Could you copy, exactly as written, every line from the first line of the records through the one containing "congr (mu^* _);"?

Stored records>
= = = = = = =

Lemma outer_measure_fund_dom_translate c :
  mu^* (@fund_dom R d `&` translate P c) = mu^* (@fund_dom R d `&` P).
Proof.
rewrite -(outer_measure_fund_dom_shift c).
rewrite -(outer_measure_translate mu_leb (fund_dom_shift c `&` P) c).
congr (mu^* _); apply/seteqP; split => x /= [Dx Px]; split => // i;
  by move: (Dx i); rewrite /= !tnth_mktuple subrK.
Qed.

End Periodic.
Section Approximation.
Variables (R : realType) (d : nat).
Local Notation T := (d.-tuple R).
Variable mu : {measure set T -> \bar R}.
Hypothesis mu_leb : is_lebesgue mu.

Inductive elementary : set T -> Prop :=
| elementary0 : elementary set0
| elementary_halfspace i c : elementary (halfspace i c)
| elementaryC U : elementary U -> elementary (~` U)
| elementaryU U V : elementary U -> elementary V -> elementary (U `|` V).

Lemma measurable_elementary U : elementary U -> measurable U.
Proof.
elim => [|i c|{}U _ mU|{}U V _ mU _ mV]; first exact: measurable0.
- exact: measurable_halfspace.
- exact: measurableC.
- exact: measurableU.
Qed.

Lemma elementaryT : elementary [set: T].
Proof. by rewrite -setC0; do 2 constructor. Qed.

Lemma elementaryI U V : elementary U -> elementary V -> elementary (U `&` V).
Proof. by move=> eU eV; rewrite -(setCK U) -(setCK V) -setCU; do 3 constructor. Qed.

Lemma elementary_box a b : elementary (box a b).
Proof.
have -> : box a b = \big[setI/setT]_(i <- index_enum 'I_d)
    (halfspace i (tnth b i) `&` ~` halfspace i (tnth a i)).
  rewrite -bigcap_seq /box /halfspace; apply/seteqP; split => x /=.
    by move=> H i _; case/andP: (H i) => ab xb; split => //; apply/negP; rewrite -leNgt.
  move=> H i; have [-> /negP] := H i (mem_index_enum i).
  by rewrite -leNgt => ->.
elim/big_ind: _ => [|U V|i _]; first exact: elementaryT.
  exact: elementaryI.
by apply: elementaryI; do 2 constructor.
Qed.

= = = = = = =

ANSWER TO THIS TASK>
Lemma outer_measure_fund_dom_translate c :
  mu^* (@fund_dom R d `&` translate P c) = mu^* (@fund_dom R d `&` P).
Proof.
rewrite -(outer_measure_fund_dom_shift c).
rewrite -(outer_measure_translate mu_leb (fund_dom_shift c `&` P) c).
congr (mu^* _); apply/seteqP; split => x /= [Dx Px]; split => // i;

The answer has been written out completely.